**Directions**
Below are some records. Return exactly the lines from the one containing "Definition sgn2 (x" through the one containing "set S := \sum_(s in _) _; have : S = - S.", both included, and only those.

**Raw data**
┏━━

(* Let $C\subseteq\mathbb F_2^n$ be a classical linear code of distance $d$ with dual code $C^\perp$, let $1\le t\le n$, and let $\Gamma_t=\{\gamma\subseteq[n]: |\gamma|=t\}$, so that $\hat\Gamma=\Gamma_{\le t}=\{e\subseteq[n]: 0<|e|\le t\}$. Let $D$ be the real matrix with rows indexed by $s\in C^\perp\setminus\{0\}$, columns indexed by $a\in\Gamma_{\le t}$, and entries $D[s,a]=1$ if $a\subseteq s$ and $0$ otherwise. If $d\ge 2t+1$, then $D$ has full rank (rank $|\Gamma_{\le t}|$).
   Context: $C^\perp=\{a\in\mathbb F_2^n: a\cdot c=0\ \forall c\in C\}$. The distance of $C$ is $d=\min\{\mathrm{wt}(c): c\in C\setminus\{0\}\}$. Vectors in $\mathbb F_2^n$ are identified with their support sets in $[n]$. *)

From HB Require Import structures.
From mathcomp Require Import all_boot all_order all_algebra.
Set Implicit Arguments. Unset Strict Implicit. Unset Printing Implicit Defensive.
Import GRing.Theory Num.Theory.
Local Open Scope ring_scope.

Definition word n := 'rV['F_2]_n.

Definition supp n (v : word n) : {set 'I_n} := [set i | v 0 i != 0].

Definition wt n (v : word n) : nat := #|supp v|.

Definition dotF2 n (a c : word n) : 'F_2 := (a *m c^T) 0 0.

(* a binary linear code: an F_2-subspace (over F_2 = additive subgroup) *)
Definition is_linear_code n (C : {set word n}) : Prop :=
  0 \in C /\ (forall x y, x \in C -> y \in C -> x + y \in C).

Definition dual_code n (C : {set word n}) : {set word n} :=
  [set a | [forall c in C, dotF2 a c == 0]].

Definition Sperp n (C : {set word n}) : {set word n} :=
  [set s in dual_code C | s != 0].

Definition Gamma_le n (t : nat) : {set {set 'I_n}} :=
  [set e : {set 'I_n} | (0 < #|e|)%N && (#|e| <= t)%N].

Definition Dmat (R : nzRingType) n (C : {set word n}) (t : nat)
  : 'M[R]_(#|Sperp C|, #|Gamma_le n t|) :=
  \matrix_(i, j) (if (enum_val j : {set 'I_n}) \subset supp (enum_val i : word n)
                  then 1 else 0).

From HB Require Import structures.
From mathcomp Require Import all_boot all_order all_algebra.
From mathcomp Require Import zify.
Set Implicit Arguments. Unset Strict Implicit. Unset Printing Implicit Defensive.
Import GRing.Theory Num.Theory.
Local Open Scope ring_scope.

(* Write chi_b(s) = (-1)^(s . 1_b) for the character of the indicator word of b.
   For s in the dual code, [a \subset supp s] = 2^-|a| prod_(i in a) (1 - chi_{{i}}(s))
   = 2^-|a| sum_(b \subset a) (-1)^|b| chi_b(s).  The characters chi_b with |b| <= t
   are orthogonal on the dual code: 1_b + 1_b' has weight at most 2t < d, so it lies
   in C, the dual of the dual, only when b = b'.  Pairing a relation
   sum_a x_a [a \subset supp s] = 0 between the columns of D with chi_b thus gives
   sum_(a \supseteq b) x_a 2^-|a| = 0 for every column b, a unitriangular system
   whose only solution is x = 0. *)

Lemma sum_subset_prod (R : comNzRingType) (I : finType) (A : {set I}) (g : I -> R) :
  \sum_(B : {set I} | B \subset A) \prod_(i in B) g i = \prod_(i in A) (1 + g i).
Proof.
pose F i := if i \in A then g i else 0.
rewrite big_mkcond [RHS]big_mkcond /=.
rewrite [RHS](eq_bigr (fun i => F i + 1)) => [|i _]; last first.
  by rewrite /F; case: (i \in A); rewrite ?add0r // addrC.
rewrite bigA_distr; apply: eq_bigr => B _; rewrite -big_mkcond /=.
case: ifP => [BA | /subsetPn[i iB iA]].
  by apply: eq_bigr => i iB; rewrite /F (subsetP BA).
by rewrite (bigD1 i) //= /F (negbTE iA) mul0r.
Qed.

Lemma superset_sums_eq0 (V : nmodType) (I T : finType) (a : I -> {set T}) (y : I -> V) :
  injective a -> (forall j, \sum_(k | a j \subset a k) y k = 0) -> forall j, y j = 0.
Proof.
move=> a_inj y_sum j; have [m lt_m] := ubnP (#|T| - #|a j|).
elim: m j lt_m => // m IH j lt_m.
rewrite -(y_sum j) (bigD1 j) //= big1 ?addr0 // => k /andP[jk kj]; apply: IH.
have jk_proper : a j \proper a k by rewrite properEneq jk (inj_eq a_inj) eq_sym kj.
have := proper_card jk_proper; have := max_card (a k); lia.
Qed.

Lemma F2P (x : 'F_2) : x = 0 \/ x = 1.
Proof. by case: x => [[|[|m]] lt_m2]; [left | right | ]; try exact: val_inj. Qed.

Lemma F2_addxx (x : 'F_2) : x + x = 0.
Proof. by case: (F2P x) => ->; apply: val_inj. Qed.

Section Dual.
Variable n : nat.
Implicit Types (C : {set word n}) (v w s : word n).

Lemma dotF2C v w : dotF2 v w = dotF2 w v.
Proof. by rewrite /dotF2 !mxE; apply: eq_bigr => i _; rewrite !mxE mulrC. Qed.

Lemma dotF2Dl s s' w : dotF2 (s + s') w = dotF2 s w + dotF2 s' w.
Proof. by rewrite /dotF2 mulmxDl mxE. Qed.

Lemma dotF2Dr s w w' : dotF2 s (w + w') = dotF2 s w + dotF2 s w'.
Proof. by rewrite dotF2C dotF2Dl !(dotF2C _ s). Qed.

Lemma dotF20r s : dotF2 s 0 = 0.
Proof. by rewrite /dotF2 trmx0 mulmx0 mxE. Qed.

Lemma word_addvv v : v + v = 0.
Proof. by apply/rowP => i; rewrite !mxE F2_addxx. Qed.

Lemma dual_code0 C : 0 \in dual_code C.
Proof. by rewrite inE; apply/forall_inP => c _; rewrite dotF2C dotF20r. Qed.

Lemma dual_codeD C s s' :
  s \in dual_code C -> s' \in dual_code C -> s + s' \in dual_code C.
Proof.
rewrite !inE => /forall_inP sC /forall_inP s'C; apply/forall_inP => c cC.
by rewrite dotF2Dl (eqP (sC c cC)) (eqP (s'C c cC)) addr0.
Qed.

Definition code_mx C : 'M['F_2]_(#|C|, n) := \matrix_(i, j) (enum_val i : word n) 0 j.

Lemma mem_code_rowspace C v : is_linear_code C -> (v <= code_mx C)%MS -> v \in C.
Proof.
move=> [C0 CD] /submxP[D ->]; rewrite mulmx_sum_row.
apply: (big_ind (fun v => v \in C)) => // i _.
have -> : row i (code_mx C) = enum_val i by apply/rowP => j; rewrite !mxE.
by case: (F2P (D 0 i)) => ->; rewrite ?scale0r ?scale1r ?enum_valP.
Qed.

Lemma dual_code_ker C s : 0 \in C -> (s \in dual_code C) = (s <= kermx (code_mx C)^T)%MS.
Proof.
move=> C0; have dot_row i : dotF2 s (enum_val i) = (s *m (code_mx C)^T) 0 i.
  by rewrite /dotF2 !mxE; apply: eq_bigr => j _; rewrite !mxE.
rewrite sub_kermx inE; apply/forall_inP/eqP => [sC | sA c cC].
  by apply/rowP => i; rewrite -dot_row mxE (eqP (sC _ (enum_valP i))).
by rewrite -(enum_rankK_in C0 cC) dot_row sA mxE.
Qed.

Lemma dual_dual_code_sub C : is_linear_code C -> dual_code (dual_code C) \subset C.
Proof.
move=> linC; have C0 := linC.1; apply/subsetP => w.
rewrite inE => /forall_inP w_perp.
pose A := code_mx C; pose K := kermx A^T.
(* The rows of K lie in the dual code, so w is in kermx K^T; that kernel contains A
   and has the same rank as A. *)
have wK : w *m K^T = 0.
  apply/rowP => i; rewrite !mxE -[RHS](eqP (w_perp (row i K) _)).
    by rewrite /dotF2 mxE; apply: eq_bigr => j _; rewrite !mxE.
  by rewrite dual_code_ker ?row_sub.
have AK : (A <= kermx K^T)%MS.
  by rewrite sub_kermx -{1}(trmxK A) -trmx_mul mulmx_ker trmx0.
have KA : (kermx K^T <= A)%MS.
  have [_ <-] := mxrank_leqif_sup AK.
  by rewrite !mxrank_ker !mxrank_tr mxrank_ker mxrank_tr subKn ?rank_leq_col.
by apply: mem_code_rowspace => //; apply: submx_trans KA; rewrite sub_kermx wK.
Qed.

Lemma supp0 : supp (0 : word n) = set0.
Proof. by apply/setP => i; rewrite !inE mxE eqxx. Qed.

End Dual.

Section Characters.
Variables (R : numFieldType) (n : nat).
Implicit Types (C : {set word n}) (v w s : word n) (A B b : {set 'I_n}).

Definition sgn2 (x : 'F_2) : R := if x == 0 then 1 else -1.

Lemma sgn2D : {morph sgn2 : x y / x + y >-> x * y}.
Proof.
move=> x y; case: (F2P x) => ->; case: (F2P y) => ->;
  by rewrite /sgn2 /= ?mulrNN ?mulr1 ?mul1r.
Qed.

Definition chi w s : R := sgn2 (dotF2 s w).

Lemma chiDl w w' s : chi (w + w') s = chi w s * chi w' s.
Proof. by rewrite /chi dotF2Dr sgn2D. Qed.

Lemma chiDr w s s' : chi w (s + s') = chi w s * chi w s'.
Proof. by rewrite /chi dotF2Dl sgn2D. Qed.

Lemma dual_codeDr C s s0 :
  s0 \in dual_code C -> (s + s0 \in dual_code C) = (s \in dual_code C).
Proof.
move=> s0C; apply/idP/idP => [ss0C | sC]; last exact: dual_codeD.
by rewrite -(addr0 s) -(word_addvv s0) addrA dual_codeD.
Qed.

Lemma sum_chi_dual C w : is_linear_code C ->
  \sum_(s in dual_code C) chi w s = if w \in C then #|dual_code C|%:R else 0.
Proof.
move=> linC; case: ifP => wC.
  rewrite (eq_bigr (fun _ => 1)) ?sumr_const // => s; rewrite inE => /forall_inP sC.
  by rewrite /chi (eqP (sC w wC)) /sgn2 eqxx.
have [s0 s0C s0w] : exists2 s0, s0 \in dual_code C & dotF2 s0 w != 0.
  apply/exists_inP; apply: contraFT wC; rewrite negb_exists_in => /forall_inP w_perp.
  apply: (subsetP (dual_dual_code_sub linC)); rewrite inE; apply/forall_inP => s sC.
  by rewrite dotF2C; apply: negbNE (w_perp s sC).
(* Translation by s0 permutes the dual code and flips the sign of chi w. *)
set S := \sum_(s in _) _; have : S = - S.
  rewrite {1}/S (reindex_inj (addIr s0)) (eq_bigl _ _ (fun s => dual_codeDr s s0C)) -sumrN.
  by apply: eq_bigr => s _; rewrite chiDr /chi /sgn2 (negbTE s0w) mulrN1.
by move/eqP; rewrite -addr_eq0 -mulr2n mulrn_eq0 => /eqP.
Qed.

Definition word_of_set A : word n := \row_i (i \in A)%:R.

Lemma chi_word_of_set A s : chi (word_of_set A) s = \prod_(i in A) sgn2 (s 0 i).
Proof.
have dot_A : dotF2 s (word_of_set A) = \sum_(i in A) s 0 i.
  rewrite /dotF2 mxE [RHS]big_mkcond; apply: eq_bigr => i _; rewrite !mxE.
  by case: (i \in A); rewrite ?mulr1 ?mulr0.
by rewrite /chi dot_A (big_morph _ sgn2D (_ : sgn2 0 = 1)) // /sgn2 eqxx.
Qed.

Lemma word_of_setD_eq0 A B : (word_of_set A + word_of_set B == 0) = (A == B).
Proof.
apply/eqP/eqP => [AB0 | ->]; last exact: word_addvv.
apply/setP => i; have /rowP/(_ i) := AB0; rewrite !mxE.
by case: (i \in A); case: (i \in B).
Qed.

Lemma wt_word_of_setD A B : (wt (word_of_set A + word_of_set B)%R <= #|A| + #|B|)%N.
Proof.
apply: leq_trans (leq_card_setU A B); apply: subset_leq_card.
by apply/subsetP => i; rewrite !inE !mxE; case: (i \in A); case: (i \in B).
Qed.

Lemma sum_subset_sign_chi A s :
  \sum_(B : {set 'I_n} | B \subset A) (-1) ^+ #|B| * chi (word_of_set B) s
    = (A \subset supp s)%:R * 2 ^+ #|A|.
Proof.
under eq_bigr => B _ do rewrite chi_word_of_set -prodrN.
rewrite sum_subset_prod; case: (boolP (A \subset supp s)) => [As | /subsetPn[i iA]].
  rewrite mul1r -prodr_const; apply: eq_bigr => i /(subsetP As).
  by rewrite inE /sgn2 => /negbTE ->; rewrite opprK.
by rewrite inE negbK mul0r (bigD1 i) //= /sgn2 => ->; rewrite subrr mul0r.
Qed.

Section MinimumDistance.
Variables (C : {set word n}) (t : nat).
Hypothesis linC : is_linear_code C.
Hypothesis wt_C : forall c, c \in C -> c != 0 -> (2 * t + 1 <= wt c)%N.

Lemma sum_chi_word_of_set A B : (#|A| <= t)%N -> (#|B| <= t)%N ->
  \sum_(s in dual_code C) chi (word_of_set A) s * chi (word_of_set B) s
    = (A == B)%:R * #|dual_code C|%:R.
Proof.
move=> At Bt; under eq_bigr do rewrite -chiDl.
rewrite sum_chi_dual //.
have -> : (word_of_set A + word_of_set B \in C) = (A == B).
  rewrite -word_of_setD_eq0; apply/idP/idP => [wC | /eqP->]; last exact: linC.1.
  case: eqP => // /eqP w_neq0; have := wt_C wC w_neq0.
  have := wt_word_of_setD A B; lia.
by case: (A == B); rewrite ?mul1r ?mul0r.
Qed.

Lemma sum_chi_subset_supp A b : (#|A| <= t)%N -> (#|b| <= t)%N ->
  \sum_(s in dual_code C) chi (word_of_set b) s * (A \subset supp s)%:R
    = (b \subset A)%:R * (-1) ^+ #|b| * #|dual_code C|%:R / 2 ^+ #|A|.
Proof.
move=> At bt; have two_neq0 : 2 ^+ #|A| != 0 :> R by rewrite expf_neq0 ?pnatr_eq0.
under eq_bigr do rewrite -[_%:R](mulfK two_neq0) -sum_subset_sign_chi mulrA.
rewrite -mulr_suml; congr (_ / _).
under eq_bigr do rewrite mulr_sumr.
rewrite exchange_big /=.
under eq_bigr => B _ do (under eq_bigr do rewrite mulrCA; rewrite -mulr_sumr).
under eq_bigr => B BA do rewrite sum_chi_word_of_set ?(leq_trans (subset_leq_card BA)) //.
case: (boolP (b \subset A)) => bA.
  rewrite (bigD1 b) //= big1 => [|B /andP[_ /negbTE nBb]]; last first.
    by rewrite eq_sym nBb mul0r mulr0.
  by rewrite eqxx !mul1r addr0.
rewrite big1 ?mul0r // => B BA.
by rewrite (_ : b == B = false) ?mul0r ?mulr0 //; apply: contraNF bA => /eqP->.
Qed.

Lemma dual_subset_indicators_free (I : finType) (a : I -> {set 'I_n}) (x : I -> R) :
  injective a -> (forall j, #|a j| <= t)%N ->
  (forall s, s \in dual_code C -> \sum_j x j * (a j \subset supp s)%:R = 0) ->
  forall j, x j = 0.
Proof.
move=> a_inj a_t x_perp.
have two_neq0 j : 2 ^+ #|a j| != 0 :> R by rewrite expf_neq0 ?pnatr_eq0.
pose y j := x j / 2 ^+ #|a j|.
suff y0 : forall j, y j = 0 by move=> j; rewrite -[x j](divfK (two_neq0 j)) [_ / _]y0 mul0r.
apply: (superset_sums_eq0 a_inj) => j.
have N_neq0 : (-1) ^+ #|a j| * #|dual_code C|%:R != 0 :> R.
  rewrite mulf_neq0 ?signr_eq0 // pnatr_eq0 -lt0n.
  by apply/card_gt0P; exists 0; exact: dual_code0.
apply: (mulfI N_neq0); rewrite mulr0 mulr_sumr.
transitivity (\sum_(s in dual_code C)
    chi (word_of_set (a j)) s * \sum_k x k * (a k \subset supp s)%:R); last first.
  by rewrite big1 // => s sC; rewrite x_perp ?mulr0.
apply/esym; under eq_bigr do rewrite mulr_sumr.
rewrite exchange_big [RHS]big_mkcond /=; apply: eq_bigr => k _.
under eq_bigr do rewrite mulrCA.
rewrite -mulr_sumr sum_chi_subset_supp //.
by case: ifP => _; rewrite ?mul0r ?mulr0 // mul1r mulrCA.
Qed.

End MinimumDistance.

End Characters.

Theorem corollary4 (R : realFieldType) (n t : nat) (C : {set word n}) :
  is_linear_code C ->
  (1 <= t <= n)%N ->
  (forall c, c \in C -> c != 0 -> (2 * t + 1 <= wt c)%N) ->
  \rank (Dmat R C t) = #|Gamma_le n t|.
Proof.
move=> linC _ wt_C.
rewrite -mxrank_tr; apply/eqP; change (row_free (Dmat R C t)^T).
rewrite -kermx_eq0; apply/eqP/row_matrixP => i.
set D := Dmat R C t; set r := row i (kermx D^T); rewrite row0.
have rD : r *m D^T = 0 by apply/sub_kermxP; rewrite row_sub.
have Gamma_t (j : 'I_#|Gamma_le n t|) : (0 < #|enum_val j|)%N && (#|enum_val j| <= t)%N.
  by have := enum_valP j; rewrite inE.
apply/rowP => j; rewrite [RHS]mxE.
apply: (dual_subset_indicators_free linC wt_C (@enum_val_inj _ _) (x := r 0)) => [k | s sC].
  by case/andP: (Gamma_t k).
have [-> | s_neq0] := eqVneq s 0.
  rewrite big1 // => k _; rewrite supp0 subset0 -cards_eq0.
  by case/andP: (Gamma_t k) => /lt0n_neq0/negbTE ->; rewrite mulr0.
have sS : s \in Sperp C by rewrite inE sC s_neq0.
transitivity ((r *m D^T) 0 (enum_rank_in sS s)); last by rewrite rD mxE.
by rewrite mxE; apply: eq_bigr => k _; rewrite !mxE enum_rankK_in //; case: (_ \subset _).
Qed.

┗━━

**Solution**
Definition sgn2 (x : 'F_2) : R := if x == 0 then 1 else -1.

Lemma sgn2D : {morph sgn2 : x y / x + y >-> x * y}.
Proof.
move=> x y; case: (F2P x) => ->; case: (F2P y) => ->;
  by rewrite /sgn2 /= ?mulrNN ?mulr1 ?mul1r.
Qed.

Definition chi w s : R := sgn2 (dotF2 s w).

Lemma chiDl w w' s : chi (w + w') s = chi w s * chi w' s.
Proof. by rewrite /chi dotF2Dr sgn2D. Qed.

Lemma chiDr w s s' : chi w (s + s') = chi w s * chi w s'.
Proof. by rewrite /chi dotF2Dl sgn2D. Qed.

Lemma dual_codeDr C s s0 :
  s0 \in dual_code C -> (s + s0 \in dual_code C) = (s \in dual_code C).
Proof.
move=> s0C; apply/idP/idP => [ss0C | sC]; last exact: dual_codeD.
by rewrite -(addr0 s) -(word_addvv s0) addrA dual_codeD.
Qed.

Lemma sum_chi_dual C w : is_linear_code C ->
  \sum_(s in dual_code C) chi w s = if w \in C then #|dual_code C|%:R else 0.
Proof.
move=> linC; case: ifP => wC.
  rewrite (eq_bigr (fun _ => 1)) ?sumr_const // => s; rewrite inE => /forall_inP sC.
  by rewrite /chi (eqP (sC w wC)) /sgn2 eqxx.
have [s0 s0C s0w] : exists2 s0, s0 \in dual_code C & dotF2 s0 w != 0.
  apply/exists_inP; apply: contraFT wC; rewrite negb_exists_in => /forall_inP w_perp.
  apply: (subsetP (dual_dual_code_sub linC)); rewrite inE; apply/forall_inP => s sC.
  by rewrite dotF2C; apply: negbNE (w_perp s sC).
(* Translation by s0 permutes the dual code and flips the sign of chi w. *)
set S := \sum_(s in _) _; have : S = - S.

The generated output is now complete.